Fault injection configuration

Fault injection configuration is provided via the FAULT_INJECTOR_CONFIG_PATH environment variable. It's a set of rules to apply fault injection when CUDA Drvier or Runtime is matched by function name or callback id with a given probability.

There are currently three types of fault injection:

launch a kernel with the PTX trap instruction
launch a kernel with a device assert
replace the return code for the CUDA Runtime call

Example config:

{
    "logLevel": 1,
    "dynamic": true,
    "cudaRuntimeFaults": {
        "cudaLaunchKernel_ptsz": {
            "percent": 0,
            "injectionType": 0,
            "injectionType_comment": "PTX trap = 0, C assert = 1",
            "interceptionCount": 1
        }
    },
    "cudaDriverFaults": {
        "cuMemFreeAsync_ptsz": {
            "percent": 0,
            "injectionType": 2,
            "injectionType_comment": "substitute return code",
            "substituteReturnCode": 999,
            "interceptionCount": 1
        }
    }
}

Signed-off-by: Gera Shegalov gera@apache.org

…o faultInjectorPlayground

Signed-off-by: Gera Shegalov <gera@apache.org>

…o faultInjectorPlayground

…rk-rapids-jni into faultInjectorPlayground

…Playground

Signed-off-by: Gera Shegalov <gera@apache.org>

src/main/cpp/faultinj/README.md

src/main/cpp/faultinj/faultinj.cu

Signed-off-by: Gera Shegalov <gera@apache.org>

gerashegalov · 2022-07-29T15:52:40Z

build

mythrocks

I'm 👍. Thank you for accommodating the changes requested.

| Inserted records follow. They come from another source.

(* Let $A$ be a free finitely generated abelian group endowed with a structure of commutative ring, and let $\chi\colon A\to\mathbb{Z}$ be a linear map such that the symmetric pairing $\langle x,y\rangle:=\chi(x\cdot y)$ on $A$ is unimodular. Let $A=F^0A\supset F^1A\supset\ldots\supset F^dA\supset F^{d+1}A=0$ be a decreasing filtration with $F^iA\cdot F^jA\subset F^{i+j}A$ for all $i,j\geqslant0$, and assume $\mathrm{rk}(\mathrm{gr}^i_FA)=\mathrm{rk}(\mathrm{gr}^{d-i}_FA)$ for each $0\leqslant i\leqslant d$. Suppose the filtration splits, i.e. for each $i$, $0\leqslant i\leqslant d$, the quotient $A/F^iA$ is torsion-free. Then for each $i$, $0\leqslant i\leqslant d$, the induced pairing between free finitely generated abelian groups $\langle\cdot,\cdot\rangle_i\colon\mathrm{gr}^i_FA\otimes\mathrm{gr}^{d-i}_FA\to\mathbb{Z}$ is unimodular.
   Context: $\mathrm{gr}^i_FA=F^iA/F^{i+1}A$. The pairing $\langle\cdot,\cdot\rangle_i$ is induced by $\langle\cdot,\cdot\rangle$, which is well defined on these quotients since $\langle F^iA,F^jA\rangle=0$ when $i+j\geqslant d+1$. *)

From HB Require Import structures.
From mathcomp Require Import all_boot all_order all_algebra.
Set Implicit Arguments. Unset Strict Implicit. Unset Printing Implicit Defensive.
Import Order.TTheory GRing.Theory Num.Theory.
Local Open Scope ring_scope.

Definition free_fg (A : zmodType) : Prop :=
  exists (n : nat) (e : 'I_n -> A),
    forall x : A, exists! c : {ffun 'I_n -> int}, x = \sum_(j < n) e j *~ c j.

Definition is_subgroup (A : zmodType) (U : A -> Prop) : Prop :=
  U 0 /\ forall x y, U x -> U y -> U (x - y).

(* Given subgroups U' <= U and V' <= V of A and a Z-bilinear b on A
   (with b(U,V') = 0 = b(U',V)), [perfect_on b U U' V V'] says that the pairing
   induced by b on (U/U') x (V/V') -> Z is unimodular, i.e. both induced maps
   U/U' -> Hom(V/V',Z) and V/V' -> Hom(U/U',Z) are bijective.
   An element of Hom(V/V', Z) is an additive map on V vanishing on V'. *)
Definition perfect_on (A : zmodType) (b : A -> A -> int)
    (U U' V V' : A -> Prop) : Prop :=
  [/\
      (forall phi : A -> int,
         (forall y z, V y -> V z -> phi (y - z) = phi y - phi z) ->
         (forall y, V' y -> phi y = 0) ->
         exists x, U x /\ forall y, V y -> b x y = phi y),
      (forall x, U x -> (forall y, V y -> b x y = 0) -> U' x),
      (forall phi : A -> int,
         (forall x z, U x -> U z -> phi (x - z) = phi x - phi z) ->
         (forall x, U' x -> phi x = 0) ->
         exists y, V y /\ forall x, U x -> b x y = phi x)
    &
      (forall y, V y -> (forall x, U x -> b x y = 0) -> V' y)].

Definition indep_mod (A : zmodType) (U U' : A -> Prop) (k : nat)
    (x : 'I_k -> A) : Prop :=
  (forall j, U (x j)) /\
  forall c : 'I_k -> int, U' (\sum_(j < k) x j *~ c j) -> forall j, c j = 0.

Definition quot_rank (A : zmodType) (U U' : A -> Prop) (r : nat) : Prop :=
  (exists x : 'I_r -> A, indep_mod U U' x) /\
  forall (k : nat) (x : 'I_k -> A), indep_mod U U' x -> (k <= r)%N.

From HB Require Import structures.
From mathcomp Require Import all_boot all_order all_algebra zify.
From Stdlib Require Import Classical.
Set Implicit Arguments. Unset Strict Implicit. Unset Printing Implicit Defensive.
Import Order.TTheory GRing.Theory Num.Theory.
Local Open Scope ring_scope.

(* Identify A with Z^n and measure a subgroup by the dimension of its rational
   span.  By multiplicativity F^l is orthogonal to F^k when k + l = d + 1.
   Unimodularity of chi bounds rank U + rank U^perp by n for a saturated U
   (pair a basis of A adapted to U with its dual basis), while the rank
   symmetry of the graded pieces gives rank F^k + rank F^l = n by induction on
   k; as F^l is saturated, (F^k)^perp = F^l.  Now a homomorphism
   gr^(d-i) -> Z extends from the direct summand F^(d-i) to A, is represented
   through chi by some x, and x lies in (F^(d-i+1))^perp = F^i; injectivity
   is (F^(d-i))^perp = F^(i+1).  The other half is symmetric. *)

Section Subgroup.
Variables (A : zmodType) (U : A -> Prop).
Hypothesis subU : is_subgroup U.

Lemma subgroup0 : U 0. Proof. by case: subU. Qed.

Lemma subgroupB x y : U x -> U y -> U (x - y). Proof. by case: subU => _; apply. Qed.

Lemma subgroupN x : U x -> U (- x).
Proof. by move=> Ux; rewrite -sub0r; apply: subgroupB => //; apply: subgroup0. Qed.

Lemma subgroupD x y : U x -> U y -> U (x + y).
Proof. by move=> Ux Uy; rewrite -[y]opprK; apply: subgroupB => //; apply: subgroupN. Qed.

Lemma subgroupMn x k : U x -> U (x *+ k).
Proof.
move=> Ux; elim: k => [|k IH]; first by rewrite mulr0n; apply: subgroup0.
by rewrite mulrS; apply: subgroupD.
Qed.

Lemma subgroupMz x z : U x -> U (x *~ z).
Proof.
move=> Ux; case: z => k; rewrite ?NegzE ?mulrNz; first exact: subgroupMn.
exact/subgroupN/subgroupMn.
Qed.

Lemma subgroup_sum (I : Type) (r : seq I) (P : pred I) (f : I -> A) :
  (forall i, P i -> U (f i)) -> U (\sum_(i <- r | P i) f i).
Proof. by move=> Uf; apply: big_ind => //; [apply: subgroup0 | apply: subgroupD]. Qed.

Definition additive_on (phi : A -> int) :=
  forall x y, U x -> U y -> phi (x - y) = phi x - phi y.

Variable phi : A -> int.
Hypothesis phiB : additive_on phi.

Lemma additive_on0 : phi 0 = 0.
Proof. by have := phiB subgroup0 subgroup0; rewrite !subrr. Qed.

Lemma additive_onN x : U x -> phi (- x) = - phi x.
Proof.
by move=> Ux; rewrite -sub0r phiB ?additive_on0 ?sub0r //; apply: subgroup0.
Qed.

Lemma additive_onD x y : U x -> U y -> phi (x + y) = phi x + phi y.
Proof.
move=> Ux Uy; have U_y := subgroupN Uy.
by rewrite -{1}[y]opprK phiB // additive_onN // opprK.
Qed.

Lemma additive_onMz x z : U x -> phi (x *~ z) = phi x * z.
Proof.
move=> Ux; have phiMn k : phi (x *+ k) = phi x *+ k.
  elim: k => [|k IH]; first by rewrite !mulr0n additive_on0.
  by rewrite !mulrS additive_onD ?IH //; apply: subgroupMn.
case: z => k; first by rewrite phiMn -mulr_natr natz.
rewrite NegzE mulrNz additive_onN ?phiMn; last exact: subgroupMn.
by rewrite mulrN -mulr_natr natz.
Qed.

Lemma additive_on_sum (I : Type) (r : seq I) (P : pred I) (f : I -> A) :
  (forall i, P i -> U (f i)) ->
  phi (\sum_(i <- r | P i) f i) = \sum_(i <- r | P i) phi (f i).
Proof.
move=> Uf; suff [] : U (\sum_(i <- r | P i) f i) /\
    phi (\sum_(i <- r | P i) f i) = \sum_(i <- r | P i) phi (f i) by [].
apply: (big_rec2 (fun s t => U s /\ phi s = t)).
  by rewrite additive_on0; split => //; apply: subgroup0.
by move=> i s t Pi [Us <-]; split; [apply: subgroupD | rewrite additive_onD]; auto.
Qed.

End Subgroup.

Definition saturated (A : zmodType) (U : A -> Prop) :=
  forall (N : nat) x, (0 < N)%N -> U (x *+ N) -> U x.

Lemma saturatedMz (A : zmodType) (U : A -> Prop) : is_subgroup U -> saturated U ->
  forall x z, z != 0 -> U (x *~ z) -> U x.
Proof.
move=> subU satU x [] k nz_k Uxk.
  by apply: (satU k) => //; rewrite lt0n; apply: contra nz_k => /eqP ->.
apply: (satU k.+1) => //; rewrite -[_ *+ _]opprK.
by move: Uxk; rewrite NegzE mulrNz; apply: subgroupN.
Qed.

Notation ratmx := (map_mx (intr : int -> rat)).

Lemma rat_row_clear_denominators q (w : 'rV[rat]_q) :
  exists2 N : nat, (0 < N)%N & exists c : 'rV[int]_q, ratmx c = w *+ N.
Proof.
pose D (j : 'I_q) := absz (denq (w 0 j)).
exists (\prod_j D j); first by apply: prodn_gt0 => j; rewrite absz_gt0 denq_neq0.
exists (\row_j (numq (w 0 j) * (\prod_(k | k != j) D k)%:R)).
apply/rowP => j; rewrite !mxE mulmxnE [in RHS](bigD1 j) //= intrM numqE.
rewrite -(mulr_natr (w 0 j)) natrM mulrA /D.
have -> : ((absz (denq (w 0 j)))%:R : rat) = (denq (w 0 j))%:~R.
  by rewrite -[in RHS](absz_denq (w 0 j)).
by rewrite natz.
Qed.

Record coordinates (A : zmodType) (n : nat) := Coordinates {
  vec : 'rV[int]_n -> A;
  coord : A -> 'rV[int]_n;
  vecB : {morph vec : u v / u - v};
  coordK : cancel coord vec;
  vecK : cancel vec coord }.

Lemma coordB (A : zmodType) n (C : coordinates A n) : {morph coord C : x y / x - y}.
Proof. by move=> x y; apply: (can_inj (vecK C)); rewrite vecB !coordK. Qed.

HB.instance Definition _ (A : zmodType) n (C : coordinates A n) :=
  GRing.isZmodMorphism.Build _ _ (vec C) (@vecB A n C).
HB.instance Definition _ (A : zmodType) n (C : coordinates A n) :=
  GRing.isZmodMorphism.Build _ _ (coord C) (@coordB A n C).

Definition qcoord (A : zmodType) n (C : coordinates A n) (x : A) : 'rV[rat]_n :=
  ratmx (coord C x).

Lemma qcoordB (A : zmodType) n (C : coordinates A n) : {morph qcoord C : x y / x - y}.
Proof. by move=> x y; rewrite /qcoord raddfB map_mxB. Qed.

HB.instance Definition _ (A : zmodType) n (C : coordinates A n) :=
  GRing.isZmodMorphism.Build _ _ (qcoord C) (@qcoordB A n C).

Lemma free_fg_coordinates (A : zmodType) : free_fg A -> exists n, inhabited (coordinates A n).
Proof.
move=> [n [e uniq_coord]]; exists n.
pose vec (c : 'rV[int]_n) : A := \sum_j e j *~ c 0 j.
have coordP x : exists c : {ffun 'I_n -> int}, x == \sum_j e j *~ c j.
  by have [c [-> _]] := uniq_coord x; exists c.
pose coord x : 'rV[int]_n := \row_j xchoose (coordP x) j.
have vecB : {morph vec : u v / u - v}.
  by move=> u v; rewrite /vec -sumrB; apply: eq_bigr => j _; rewrite !mxE mulrzBr.
have coordK : cancel coord vec.
  move=> x; rewrite [RHS](eqP (xchooseP (coordP x))).
  by apply: eq_bigr => j _; rewrite mxE.
have vecK : cancel vec coord.
  move=> c; have [c0 [_ c0_uniq]] := uniq_coord (vec c).
  have choice_c0 : xchoose (coordP (vec c)) = c0.
    by apply/esym/c0_uniq/eqP; apply: xchooseP (coordP (vec c)).
  have c_c0 : [ffun j => c 0 j] = c0.
    by apply/esym/c0_uniq; apply: eq_bigr => j _; rewrite ffunE.
  by apply/rowP => j; rewrite !mxE choice_c0 -c_c0 ffunE.
by constructor; apply: (Coordinates vecB coordK vecK).
Qed.

Section Coordinates.
Variables (A : zmodType) (n : nat) (C : coordinates A n).

Lemma qcoord_inj : injective (qcoord C).
Proof.
move=> x y /matrixP qxy; apply: (can_inj (coordK C)); apply/matrixP => i j.
by apply: (@intr_inj rat); have := qxy i j; rewrite !mxE.
Qed.

Lemma qcoord_vec c : qcoord C (vec C c) = ratmx c.
Proof. by rewrite /qcoord vecK. Qed.

Lemma vec_mulmx q (c : 'rV[int]_q) (M : 'M[int]_(q, n)) :
  vec C (c *m M) = \sum_i vec C (row i M) *~ c 0 i.
Proof.
rewrite mulmx_sum_row raddf_sum; apply: eq_bigr => i _.
by rewrite -{1}[c 0 i]intz scaler_int raddfMz.
Qed.

Lemma coord_invmx_expand (R : 'M[int]_n) x : R \in unitmx ->
  x = \sum_j vec C (row j R) *~ (coord C x *m invmx R) 0 j.
Proof. by move=> uR; rewrite -{1}(coordK C x) -{1}(mulmxKV uR (coord C x)) vec_mulmx. Qed.

Lemma torsion_free (x : A) N : (0 < N)%N -> x *+ N = 0 -> x = 0.
Proof.
move=> N_gt0 xN0; apply: qcoord_inj; rewrite raddf0.
have /eqP : qcoord C x *+ N = 0 by rewrite -raddfMn /= xN0 raddf0.
by rewrite -scaler_nat scaler_eq0 pnatr_eq0 (negPf (lt0n_neq0 N_gt0)) => /eqP.
Qed.

Definition coord_mx k (x : 'I_k -> A) : 'M[int]_(k, n) := \matrix_(j, l) coord C (x j) 0 l.

Lemma row_coord_mx k (x : 'I_k -> A) j : row j (coord_mx x) = coord C (x j).
Proof. by apply/rowP => l; rewrite !mxE. Qed.

Lemma vec_coord_mx k (x : 'I_k -> A) (c : 'rV[int]_k) :
  vec C (c *m coord_mx x) = \sum_j x j *~ c 0 j.
Proof. by rewrite vec_mulmx; apply: eq_bigr => j _; rewrite row_coord_mx coordK. Qed.

Lemma ratmx_supported_sub (B : 'M[int]_n) (P : pred 'I_n) (c : 'rV[int]_n) :
  (forall j, ~~ P j -> c 0 j = 0) ->
  (ratmx (c *m B) <= diag_mx (\row_j (P j)%:R) *m ratmx B)%MS.
Proof.
move=> c_supp; rewrite map_mxM.
have -> : ratmx c = ratmx c *m diag_mx (\row_j (P j)%:R).
  apply/rowP => j; rewrite mul_mx_diag !mxE.
  by case: (boolP (P j)) => [_|/c_supp ->]; rewrite ?mulr1 ?mul0r.
by rewrite -mulmxA submxMl.
Qed.

Definition spans (U : A -> Prop) q (M : 'M[int]_(q, n)) :=
  (forall i, U (vec C (row i M))) /\ (forall x, U x -> (qcoord C x <= ratmx M)%MS).

Lemma spans_exists (U : A -> Prop) : exists q (M : 'M[int]_(q, n)), spans U M.
Proof.
suff grow t q (M : 'M[int]_(q, n)) : (forall i, U (vec C (row i M))) ->
    (n - \rank (ratmx M) <= t)%N -> exists q (M : 'M[int]_(q, n)), spans U M.
  by apply: (grow n 0%N 0) => [[]|]; rewrite ?leq_subr.
elim: t q M => [|t IH] q M UM rankM.
  exists q, M; split => // x _; apply: submx_full.
  by rewrite /row_full eqn_leq rank_leq_col -subn_eq0 -leqn0.
case: (classic (exists2 x, U x & ~~ (qcoord C x <= ratmx M)%MS)); last first.
  move=> spanM; exists q, M; split => // x Ux.
  by apply/negPn/negP => notin; apply: spanM; exists x.
move=> [x Ux notin]; apply: (IH _ (col_mx M (coord C x))).
  move=> i; rewrite -[i]splitK; case: (split i) => k /=; first by rewrite rowKu.
  rewrite rowKd (_ : row k _ = coord C x) ?coordK //.
  by apply/rowP => j; rewrite mxE [k]ord1.
have sub_col : (ratmx M <= col_mx (ratmx M) (qcoord C x))%MS.
  by rewrite -addsmxE addsmxSl.
have : (\rank (ratmx M) < \rank (ratmx (col_mx M (coord C x))))%N.
  by rewrite map_col_mx (ltn_leqif (mxrank_leqif_sup sub_col)) col_mx_sub (negPf notin) andbF.
have := rank_leq_col (ratmx (col_mx M (coord C x))).
lia.
Qed.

There might be future iterations where we might make C++-related changes. E.g. RIAA for mutex locking, std::mutex and threads instead of pthreads primitives. But we needn't bother with those now.

mythrocks · 2022-07-29T17:44:01Z

mythrocks approved these changes 9 minutes ago
...
Review required
At least 1 approving review is required by reviewers with write access.

Notice that my 👍 is ignored here. :]

src/main/cpp/faultinj/faultinj.cu

ttnghia · 2022-07-29T18:44:44Z

src/main/cpp/faultinj/faultinj.cu

+    boost::property_tree::ptree::const_iterator end = pTree.end();
+    for (boost::property_tree::ptree::const_iterator it = pTree.begin(); it != end; ++it) {
+        spdlog::trace("congig key={} value={}",  it->first, it->second.get_value<std::string>());
+        traceConfig(it->second);
+    }


Don't have to cache end.

for(auto it = pTree.begin(); it != pTreen.end(); ++it)

clang-format -style='file:thirdparty/cudf/cpp/.clang-format' -i src/main/cpp/faultinj/faultinj.cu

gerashegalov · 2022-07-29T23:52:27Z

There might be future iterations where we might make C++-related changes. E.g. RIAA for mutex locking, std::mutex and threads instead of pthreads primitives. But we needn't bother with those now.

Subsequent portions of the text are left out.